Collected data:

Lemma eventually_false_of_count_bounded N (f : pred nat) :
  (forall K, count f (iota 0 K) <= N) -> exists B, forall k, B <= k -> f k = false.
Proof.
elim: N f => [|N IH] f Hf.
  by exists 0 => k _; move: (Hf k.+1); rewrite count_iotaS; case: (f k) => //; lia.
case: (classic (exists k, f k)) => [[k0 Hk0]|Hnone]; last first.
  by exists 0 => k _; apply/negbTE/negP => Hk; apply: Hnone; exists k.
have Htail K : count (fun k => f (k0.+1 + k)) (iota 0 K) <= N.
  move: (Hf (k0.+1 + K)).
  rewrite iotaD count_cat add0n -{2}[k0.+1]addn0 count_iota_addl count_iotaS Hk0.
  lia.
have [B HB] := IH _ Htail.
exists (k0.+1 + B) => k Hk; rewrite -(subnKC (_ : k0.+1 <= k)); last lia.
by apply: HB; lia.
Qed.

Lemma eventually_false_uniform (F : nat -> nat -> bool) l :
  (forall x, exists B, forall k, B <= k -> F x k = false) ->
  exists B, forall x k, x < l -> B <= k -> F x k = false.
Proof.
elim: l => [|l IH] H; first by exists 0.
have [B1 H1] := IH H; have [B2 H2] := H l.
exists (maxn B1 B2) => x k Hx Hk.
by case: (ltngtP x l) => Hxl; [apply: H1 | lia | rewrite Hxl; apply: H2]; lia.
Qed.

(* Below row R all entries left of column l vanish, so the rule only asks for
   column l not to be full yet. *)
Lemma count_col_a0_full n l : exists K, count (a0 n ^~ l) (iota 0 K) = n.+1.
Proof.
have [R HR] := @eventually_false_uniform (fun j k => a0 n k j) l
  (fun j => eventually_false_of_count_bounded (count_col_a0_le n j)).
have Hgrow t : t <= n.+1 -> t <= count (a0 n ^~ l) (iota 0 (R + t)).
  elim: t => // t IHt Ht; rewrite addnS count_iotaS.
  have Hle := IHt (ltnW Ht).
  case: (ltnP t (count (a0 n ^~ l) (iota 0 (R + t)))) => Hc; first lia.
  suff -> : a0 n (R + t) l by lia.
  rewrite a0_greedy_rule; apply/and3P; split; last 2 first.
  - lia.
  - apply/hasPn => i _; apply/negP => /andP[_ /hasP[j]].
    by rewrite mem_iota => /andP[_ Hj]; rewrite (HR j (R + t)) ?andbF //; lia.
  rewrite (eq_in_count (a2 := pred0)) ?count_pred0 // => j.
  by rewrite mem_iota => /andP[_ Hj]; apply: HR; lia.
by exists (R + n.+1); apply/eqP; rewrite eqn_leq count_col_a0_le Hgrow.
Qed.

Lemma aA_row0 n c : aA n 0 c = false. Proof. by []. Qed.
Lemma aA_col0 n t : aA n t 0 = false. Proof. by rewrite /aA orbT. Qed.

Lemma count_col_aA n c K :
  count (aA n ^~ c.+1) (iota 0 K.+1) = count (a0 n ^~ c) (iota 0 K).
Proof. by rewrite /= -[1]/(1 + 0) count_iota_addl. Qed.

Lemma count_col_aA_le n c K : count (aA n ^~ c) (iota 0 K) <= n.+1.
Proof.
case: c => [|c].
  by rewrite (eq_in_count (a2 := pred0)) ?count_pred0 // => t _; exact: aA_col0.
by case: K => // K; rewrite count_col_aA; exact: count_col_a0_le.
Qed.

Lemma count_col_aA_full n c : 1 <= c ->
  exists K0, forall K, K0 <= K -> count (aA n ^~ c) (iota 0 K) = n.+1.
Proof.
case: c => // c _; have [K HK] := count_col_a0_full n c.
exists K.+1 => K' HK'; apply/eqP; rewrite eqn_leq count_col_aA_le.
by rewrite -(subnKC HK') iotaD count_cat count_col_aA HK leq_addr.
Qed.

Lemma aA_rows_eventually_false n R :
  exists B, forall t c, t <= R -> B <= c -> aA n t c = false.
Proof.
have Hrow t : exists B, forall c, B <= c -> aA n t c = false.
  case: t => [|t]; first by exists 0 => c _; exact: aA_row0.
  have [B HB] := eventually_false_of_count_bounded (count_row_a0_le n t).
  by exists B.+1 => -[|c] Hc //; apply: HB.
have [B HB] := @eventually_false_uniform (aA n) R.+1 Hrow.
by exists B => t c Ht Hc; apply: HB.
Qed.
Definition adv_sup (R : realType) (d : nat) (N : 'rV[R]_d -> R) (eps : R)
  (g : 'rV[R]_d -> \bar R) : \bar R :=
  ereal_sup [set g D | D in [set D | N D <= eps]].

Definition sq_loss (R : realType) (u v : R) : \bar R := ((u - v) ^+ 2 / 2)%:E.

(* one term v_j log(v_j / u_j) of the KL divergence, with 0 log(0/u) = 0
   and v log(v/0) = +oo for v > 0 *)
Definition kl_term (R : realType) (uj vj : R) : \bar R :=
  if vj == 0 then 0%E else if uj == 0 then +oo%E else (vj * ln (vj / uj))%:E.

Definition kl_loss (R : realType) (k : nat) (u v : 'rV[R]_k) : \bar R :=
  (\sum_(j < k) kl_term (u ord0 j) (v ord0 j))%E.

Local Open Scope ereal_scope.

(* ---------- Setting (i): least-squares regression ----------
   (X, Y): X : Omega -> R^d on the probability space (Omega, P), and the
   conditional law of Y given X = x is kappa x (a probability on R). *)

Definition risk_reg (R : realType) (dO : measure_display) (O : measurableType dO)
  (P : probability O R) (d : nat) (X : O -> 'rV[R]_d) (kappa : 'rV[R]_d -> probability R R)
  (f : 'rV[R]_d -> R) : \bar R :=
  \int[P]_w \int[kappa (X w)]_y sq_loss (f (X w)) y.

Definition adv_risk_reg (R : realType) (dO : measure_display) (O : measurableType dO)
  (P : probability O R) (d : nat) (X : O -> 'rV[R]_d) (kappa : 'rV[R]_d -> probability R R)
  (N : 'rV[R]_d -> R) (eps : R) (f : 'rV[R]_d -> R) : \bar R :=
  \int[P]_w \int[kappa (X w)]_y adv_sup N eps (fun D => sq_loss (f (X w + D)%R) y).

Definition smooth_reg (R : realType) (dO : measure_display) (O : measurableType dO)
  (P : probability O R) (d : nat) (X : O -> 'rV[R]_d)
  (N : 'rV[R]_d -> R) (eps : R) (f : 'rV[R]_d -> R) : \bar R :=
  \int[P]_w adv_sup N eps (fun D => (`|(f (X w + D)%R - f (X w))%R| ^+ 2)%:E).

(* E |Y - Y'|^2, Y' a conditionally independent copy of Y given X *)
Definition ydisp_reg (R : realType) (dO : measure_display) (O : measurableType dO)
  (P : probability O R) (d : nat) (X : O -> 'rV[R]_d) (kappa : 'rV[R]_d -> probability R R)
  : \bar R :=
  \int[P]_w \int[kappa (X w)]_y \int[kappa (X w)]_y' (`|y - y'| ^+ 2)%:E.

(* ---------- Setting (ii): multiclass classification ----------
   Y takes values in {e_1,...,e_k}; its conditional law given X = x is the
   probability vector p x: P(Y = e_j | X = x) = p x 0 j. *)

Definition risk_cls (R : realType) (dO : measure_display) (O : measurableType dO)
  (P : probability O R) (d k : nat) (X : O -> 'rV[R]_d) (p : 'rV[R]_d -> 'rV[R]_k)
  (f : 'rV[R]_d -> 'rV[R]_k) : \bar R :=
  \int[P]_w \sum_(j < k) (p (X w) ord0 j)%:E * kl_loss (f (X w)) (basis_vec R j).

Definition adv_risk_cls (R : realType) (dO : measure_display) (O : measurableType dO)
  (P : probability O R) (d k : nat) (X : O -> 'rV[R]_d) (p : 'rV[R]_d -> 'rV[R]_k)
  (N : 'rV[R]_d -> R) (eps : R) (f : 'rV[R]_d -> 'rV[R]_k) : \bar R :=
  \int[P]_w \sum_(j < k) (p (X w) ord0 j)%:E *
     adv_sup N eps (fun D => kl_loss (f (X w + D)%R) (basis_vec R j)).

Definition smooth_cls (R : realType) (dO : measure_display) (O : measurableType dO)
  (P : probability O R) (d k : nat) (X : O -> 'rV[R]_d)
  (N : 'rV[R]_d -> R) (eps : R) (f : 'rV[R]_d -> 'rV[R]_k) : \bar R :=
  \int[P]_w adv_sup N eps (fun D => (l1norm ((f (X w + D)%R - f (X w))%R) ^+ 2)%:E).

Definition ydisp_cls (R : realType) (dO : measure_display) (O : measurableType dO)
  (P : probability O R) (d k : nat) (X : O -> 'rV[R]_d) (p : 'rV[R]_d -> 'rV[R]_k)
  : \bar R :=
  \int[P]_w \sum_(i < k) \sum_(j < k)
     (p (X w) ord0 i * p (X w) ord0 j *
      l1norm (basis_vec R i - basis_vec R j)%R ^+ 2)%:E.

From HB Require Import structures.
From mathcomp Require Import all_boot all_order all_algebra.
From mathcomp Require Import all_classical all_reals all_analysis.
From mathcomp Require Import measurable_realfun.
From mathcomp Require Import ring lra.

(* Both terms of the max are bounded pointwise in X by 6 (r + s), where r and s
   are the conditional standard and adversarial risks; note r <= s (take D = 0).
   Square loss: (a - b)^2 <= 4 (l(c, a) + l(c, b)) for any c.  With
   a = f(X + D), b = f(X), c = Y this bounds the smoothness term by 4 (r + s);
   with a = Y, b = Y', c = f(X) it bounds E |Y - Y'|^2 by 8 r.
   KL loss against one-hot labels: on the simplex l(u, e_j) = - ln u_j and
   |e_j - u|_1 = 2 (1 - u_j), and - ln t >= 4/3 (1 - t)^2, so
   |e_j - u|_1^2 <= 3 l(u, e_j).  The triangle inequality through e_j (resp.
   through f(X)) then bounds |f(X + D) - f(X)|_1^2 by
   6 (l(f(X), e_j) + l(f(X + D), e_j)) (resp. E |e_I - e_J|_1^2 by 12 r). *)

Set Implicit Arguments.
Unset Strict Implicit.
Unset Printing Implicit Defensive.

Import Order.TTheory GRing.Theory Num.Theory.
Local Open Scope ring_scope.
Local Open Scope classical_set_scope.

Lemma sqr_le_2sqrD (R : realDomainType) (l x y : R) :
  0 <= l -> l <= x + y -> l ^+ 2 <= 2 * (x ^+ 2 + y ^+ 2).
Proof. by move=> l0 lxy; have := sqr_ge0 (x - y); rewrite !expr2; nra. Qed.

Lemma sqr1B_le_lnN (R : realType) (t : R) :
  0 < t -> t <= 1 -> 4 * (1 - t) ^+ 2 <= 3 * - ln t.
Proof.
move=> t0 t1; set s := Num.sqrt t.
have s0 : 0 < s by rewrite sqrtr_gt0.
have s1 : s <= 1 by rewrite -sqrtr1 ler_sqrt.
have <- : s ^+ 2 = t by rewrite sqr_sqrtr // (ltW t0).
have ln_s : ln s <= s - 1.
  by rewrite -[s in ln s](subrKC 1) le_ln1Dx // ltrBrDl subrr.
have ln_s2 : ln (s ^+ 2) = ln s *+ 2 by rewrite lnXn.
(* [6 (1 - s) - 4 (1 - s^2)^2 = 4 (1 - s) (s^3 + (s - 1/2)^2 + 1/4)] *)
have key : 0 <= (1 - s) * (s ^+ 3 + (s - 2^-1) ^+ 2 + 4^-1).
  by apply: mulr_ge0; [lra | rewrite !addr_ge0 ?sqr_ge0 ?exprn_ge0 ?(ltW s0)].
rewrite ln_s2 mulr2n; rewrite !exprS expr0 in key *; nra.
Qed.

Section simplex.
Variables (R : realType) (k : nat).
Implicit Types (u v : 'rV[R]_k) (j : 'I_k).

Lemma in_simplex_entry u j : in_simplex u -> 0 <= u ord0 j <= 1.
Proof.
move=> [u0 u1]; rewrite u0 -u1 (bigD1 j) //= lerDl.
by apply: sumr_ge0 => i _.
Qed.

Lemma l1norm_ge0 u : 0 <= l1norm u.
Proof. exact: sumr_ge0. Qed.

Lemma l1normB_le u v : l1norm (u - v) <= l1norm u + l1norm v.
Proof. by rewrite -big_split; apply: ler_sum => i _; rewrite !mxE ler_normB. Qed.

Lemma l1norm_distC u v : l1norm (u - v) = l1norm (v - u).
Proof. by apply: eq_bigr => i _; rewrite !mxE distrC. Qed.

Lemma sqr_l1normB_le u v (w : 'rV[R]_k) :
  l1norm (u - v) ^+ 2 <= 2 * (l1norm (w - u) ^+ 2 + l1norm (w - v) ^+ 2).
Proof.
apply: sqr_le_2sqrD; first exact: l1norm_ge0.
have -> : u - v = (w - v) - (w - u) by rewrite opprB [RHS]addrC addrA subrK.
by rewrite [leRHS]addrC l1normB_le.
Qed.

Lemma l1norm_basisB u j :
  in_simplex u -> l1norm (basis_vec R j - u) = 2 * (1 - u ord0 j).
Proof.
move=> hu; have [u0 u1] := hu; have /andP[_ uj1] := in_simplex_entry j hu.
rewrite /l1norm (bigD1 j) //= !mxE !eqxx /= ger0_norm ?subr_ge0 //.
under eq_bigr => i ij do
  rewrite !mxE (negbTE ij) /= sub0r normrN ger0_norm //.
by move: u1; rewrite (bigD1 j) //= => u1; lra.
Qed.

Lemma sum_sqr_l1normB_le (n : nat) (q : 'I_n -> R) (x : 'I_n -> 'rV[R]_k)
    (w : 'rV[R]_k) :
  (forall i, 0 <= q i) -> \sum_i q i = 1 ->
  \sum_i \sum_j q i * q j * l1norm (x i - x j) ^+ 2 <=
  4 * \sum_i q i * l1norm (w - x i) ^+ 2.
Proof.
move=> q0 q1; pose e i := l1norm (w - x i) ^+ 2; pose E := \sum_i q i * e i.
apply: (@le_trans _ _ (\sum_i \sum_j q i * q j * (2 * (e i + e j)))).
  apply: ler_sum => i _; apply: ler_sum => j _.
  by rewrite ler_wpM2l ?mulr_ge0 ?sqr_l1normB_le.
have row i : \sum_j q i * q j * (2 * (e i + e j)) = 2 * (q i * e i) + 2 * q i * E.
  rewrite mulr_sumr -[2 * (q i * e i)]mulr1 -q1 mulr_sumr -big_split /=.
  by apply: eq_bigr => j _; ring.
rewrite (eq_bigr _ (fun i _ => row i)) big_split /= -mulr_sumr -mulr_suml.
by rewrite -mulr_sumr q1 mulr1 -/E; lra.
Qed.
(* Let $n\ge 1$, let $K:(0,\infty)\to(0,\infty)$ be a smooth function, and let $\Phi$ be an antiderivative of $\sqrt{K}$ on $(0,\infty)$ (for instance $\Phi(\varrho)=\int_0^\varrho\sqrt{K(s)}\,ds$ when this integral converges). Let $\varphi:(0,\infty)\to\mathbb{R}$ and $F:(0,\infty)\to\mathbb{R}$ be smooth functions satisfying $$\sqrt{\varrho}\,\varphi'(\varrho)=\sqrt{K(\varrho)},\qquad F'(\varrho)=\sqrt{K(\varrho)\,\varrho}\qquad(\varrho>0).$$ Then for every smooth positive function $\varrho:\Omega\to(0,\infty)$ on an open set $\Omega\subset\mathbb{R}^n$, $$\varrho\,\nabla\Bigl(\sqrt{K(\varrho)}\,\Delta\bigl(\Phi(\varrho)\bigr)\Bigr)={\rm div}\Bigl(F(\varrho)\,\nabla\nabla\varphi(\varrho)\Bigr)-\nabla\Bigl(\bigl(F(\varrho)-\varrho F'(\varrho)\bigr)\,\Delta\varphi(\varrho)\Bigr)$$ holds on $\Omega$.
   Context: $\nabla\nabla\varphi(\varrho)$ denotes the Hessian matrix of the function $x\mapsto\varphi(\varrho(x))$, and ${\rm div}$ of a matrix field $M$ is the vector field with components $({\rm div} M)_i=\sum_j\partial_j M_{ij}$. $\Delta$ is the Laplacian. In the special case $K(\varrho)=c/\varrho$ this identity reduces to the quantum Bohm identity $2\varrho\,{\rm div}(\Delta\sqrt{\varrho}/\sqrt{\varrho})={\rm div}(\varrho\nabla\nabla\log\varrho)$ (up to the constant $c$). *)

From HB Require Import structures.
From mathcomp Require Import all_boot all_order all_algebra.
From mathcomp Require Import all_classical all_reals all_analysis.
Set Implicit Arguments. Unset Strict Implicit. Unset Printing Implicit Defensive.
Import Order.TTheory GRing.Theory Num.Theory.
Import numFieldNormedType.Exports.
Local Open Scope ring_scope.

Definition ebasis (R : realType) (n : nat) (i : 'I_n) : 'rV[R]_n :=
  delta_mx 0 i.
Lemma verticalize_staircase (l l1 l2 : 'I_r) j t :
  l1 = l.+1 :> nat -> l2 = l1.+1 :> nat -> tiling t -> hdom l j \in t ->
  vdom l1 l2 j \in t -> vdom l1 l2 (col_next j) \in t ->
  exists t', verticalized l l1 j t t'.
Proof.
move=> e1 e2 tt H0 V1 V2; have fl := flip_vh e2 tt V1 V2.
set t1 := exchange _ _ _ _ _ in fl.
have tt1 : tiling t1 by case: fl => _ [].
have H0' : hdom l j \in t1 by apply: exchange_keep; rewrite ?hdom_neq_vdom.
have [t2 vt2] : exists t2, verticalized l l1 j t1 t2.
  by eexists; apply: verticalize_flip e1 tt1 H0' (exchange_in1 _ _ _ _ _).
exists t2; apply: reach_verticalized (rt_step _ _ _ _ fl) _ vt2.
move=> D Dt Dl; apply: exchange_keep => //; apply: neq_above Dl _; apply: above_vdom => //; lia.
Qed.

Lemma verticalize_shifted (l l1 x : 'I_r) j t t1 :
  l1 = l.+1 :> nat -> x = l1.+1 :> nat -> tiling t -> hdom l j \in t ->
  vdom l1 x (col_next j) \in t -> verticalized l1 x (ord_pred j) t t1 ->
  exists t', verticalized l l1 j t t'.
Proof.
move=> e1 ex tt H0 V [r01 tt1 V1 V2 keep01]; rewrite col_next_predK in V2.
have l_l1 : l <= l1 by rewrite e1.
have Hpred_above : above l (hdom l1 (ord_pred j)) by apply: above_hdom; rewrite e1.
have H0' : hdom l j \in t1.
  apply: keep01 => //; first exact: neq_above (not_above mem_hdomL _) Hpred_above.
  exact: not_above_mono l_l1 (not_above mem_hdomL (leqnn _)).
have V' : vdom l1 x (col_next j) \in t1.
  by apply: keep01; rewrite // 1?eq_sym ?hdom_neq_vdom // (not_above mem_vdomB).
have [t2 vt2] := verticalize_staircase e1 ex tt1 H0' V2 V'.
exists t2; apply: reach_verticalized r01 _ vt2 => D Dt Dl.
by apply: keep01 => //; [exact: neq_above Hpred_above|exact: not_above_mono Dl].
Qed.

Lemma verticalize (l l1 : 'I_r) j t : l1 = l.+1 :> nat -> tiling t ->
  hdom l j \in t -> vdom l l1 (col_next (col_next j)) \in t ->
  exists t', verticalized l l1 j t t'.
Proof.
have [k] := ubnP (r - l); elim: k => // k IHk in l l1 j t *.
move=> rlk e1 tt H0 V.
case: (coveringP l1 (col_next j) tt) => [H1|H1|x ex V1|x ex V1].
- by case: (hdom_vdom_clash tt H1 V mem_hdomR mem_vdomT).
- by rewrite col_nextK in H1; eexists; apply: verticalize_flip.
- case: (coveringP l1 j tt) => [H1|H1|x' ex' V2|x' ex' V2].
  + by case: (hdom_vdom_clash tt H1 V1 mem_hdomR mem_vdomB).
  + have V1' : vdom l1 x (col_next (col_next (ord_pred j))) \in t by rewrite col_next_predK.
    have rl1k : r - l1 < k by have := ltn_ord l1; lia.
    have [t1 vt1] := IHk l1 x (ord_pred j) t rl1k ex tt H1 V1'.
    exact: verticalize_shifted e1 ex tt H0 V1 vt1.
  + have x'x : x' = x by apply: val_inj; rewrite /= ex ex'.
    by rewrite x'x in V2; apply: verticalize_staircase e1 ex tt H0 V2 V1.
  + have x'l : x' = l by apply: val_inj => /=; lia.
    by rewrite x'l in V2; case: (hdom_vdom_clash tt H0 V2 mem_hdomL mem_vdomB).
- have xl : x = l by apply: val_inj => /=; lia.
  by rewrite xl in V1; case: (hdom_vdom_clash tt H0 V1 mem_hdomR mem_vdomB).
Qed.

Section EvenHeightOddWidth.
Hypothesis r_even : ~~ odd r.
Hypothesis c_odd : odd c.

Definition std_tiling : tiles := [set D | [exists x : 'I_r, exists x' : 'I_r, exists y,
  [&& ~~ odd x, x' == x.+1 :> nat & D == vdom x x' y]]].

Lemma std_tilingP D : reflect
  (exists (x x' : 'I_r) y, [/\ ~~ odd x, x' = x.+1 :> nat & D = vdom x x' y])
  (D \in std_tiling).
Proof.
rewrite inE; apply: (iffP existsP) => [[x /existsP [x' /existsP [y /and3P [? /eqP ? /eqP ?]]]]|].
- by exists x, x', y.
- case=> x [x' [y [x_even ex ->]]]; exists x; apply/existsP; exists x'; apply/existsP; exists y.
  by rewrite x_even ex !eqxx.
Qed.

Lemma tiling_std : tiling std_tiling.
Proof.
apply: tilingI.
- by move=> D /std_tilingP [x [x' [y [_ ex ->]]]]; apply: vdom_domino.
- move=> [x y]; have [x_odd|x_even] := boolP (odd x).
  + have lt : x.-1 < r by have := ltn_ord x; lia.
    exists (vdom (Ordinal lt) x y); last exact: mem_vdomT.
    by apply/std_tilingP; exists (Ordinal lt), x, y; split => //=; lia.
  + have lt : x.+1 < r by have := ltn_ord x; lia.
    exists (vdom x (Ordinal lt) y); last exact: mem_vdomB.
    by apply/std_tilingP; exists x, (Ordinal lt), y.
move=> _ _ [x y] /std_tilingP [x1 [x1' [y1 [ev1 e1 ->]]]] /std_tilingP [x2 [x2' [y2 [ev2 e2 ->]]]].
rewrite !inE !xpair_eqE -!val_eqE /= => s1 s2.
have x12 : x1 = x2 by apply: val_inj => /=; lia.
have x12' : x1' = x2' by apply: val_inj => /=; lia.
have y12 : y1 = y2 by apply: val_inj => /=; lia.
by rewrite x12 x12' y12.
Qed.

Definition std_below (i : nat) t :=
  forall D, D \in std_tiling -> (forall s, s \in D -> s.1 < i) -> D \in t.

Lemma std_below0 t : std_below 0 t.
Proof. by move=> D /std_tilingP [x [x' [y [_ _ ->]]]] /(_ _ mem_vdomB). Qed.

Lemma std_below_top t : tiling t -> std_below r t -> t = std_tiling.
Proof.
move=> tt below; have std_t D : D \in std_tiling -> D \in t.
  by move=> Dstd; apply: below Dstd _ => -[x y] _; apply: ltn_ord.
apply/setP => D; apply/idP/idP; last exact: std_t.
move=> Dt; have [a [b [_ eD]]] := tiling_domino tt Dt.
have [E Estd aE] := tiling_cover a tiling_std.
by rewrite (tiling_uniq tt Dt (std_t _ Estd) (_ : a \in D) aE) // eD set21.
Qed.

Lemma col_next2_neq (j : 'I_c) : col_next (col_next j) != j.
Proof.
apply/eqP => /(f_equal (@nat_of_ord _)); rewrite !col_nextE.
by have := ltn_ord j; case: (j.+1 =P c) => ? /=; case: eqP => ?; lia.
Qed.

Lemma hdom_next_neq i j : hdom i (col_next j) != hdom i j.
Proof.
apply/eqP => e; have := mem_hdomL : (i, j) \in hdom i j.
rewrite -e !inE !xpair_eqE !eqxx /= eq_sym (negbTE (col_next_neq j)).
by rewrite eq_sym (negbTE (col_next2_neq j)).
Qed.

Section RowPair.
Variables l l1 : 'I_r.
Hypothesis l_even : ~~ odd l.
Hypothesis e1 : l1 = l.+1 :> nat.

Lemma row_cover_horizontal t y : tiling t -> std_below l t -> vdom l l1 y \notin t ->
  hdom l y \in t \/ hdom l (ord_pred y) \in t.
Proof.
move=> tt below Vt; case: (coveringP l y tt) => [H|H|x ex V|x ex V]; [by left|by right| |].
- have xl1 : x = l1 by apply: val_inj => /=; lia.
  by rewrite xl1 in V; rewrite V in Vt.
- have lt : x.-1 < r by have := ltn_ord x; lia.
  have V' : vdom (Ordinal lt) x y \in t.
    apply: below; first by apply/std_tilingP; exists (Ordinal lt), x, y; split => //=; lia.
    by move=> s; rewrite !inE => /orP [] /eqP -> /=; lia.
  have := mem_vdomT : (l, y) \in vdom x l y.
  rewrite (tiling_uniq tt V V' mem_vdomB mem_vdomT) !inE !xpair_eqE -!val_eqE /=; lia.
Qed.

→ **ACTION ITEM**: Which lines of the data above contain "bounds"? Copy each one.

→ **SOLUTION FOR THIS TASK**:
   a = f(X + D), b = f(X), c = Y this bounds the smoothness term by 4 (r + s);
   with a = Y, b = Y', c = f(X) it bounds E |Y - Y'|^2 by 8 r.
   through f(X)) then bounds |f(X + D) - f(X)|_1^2 by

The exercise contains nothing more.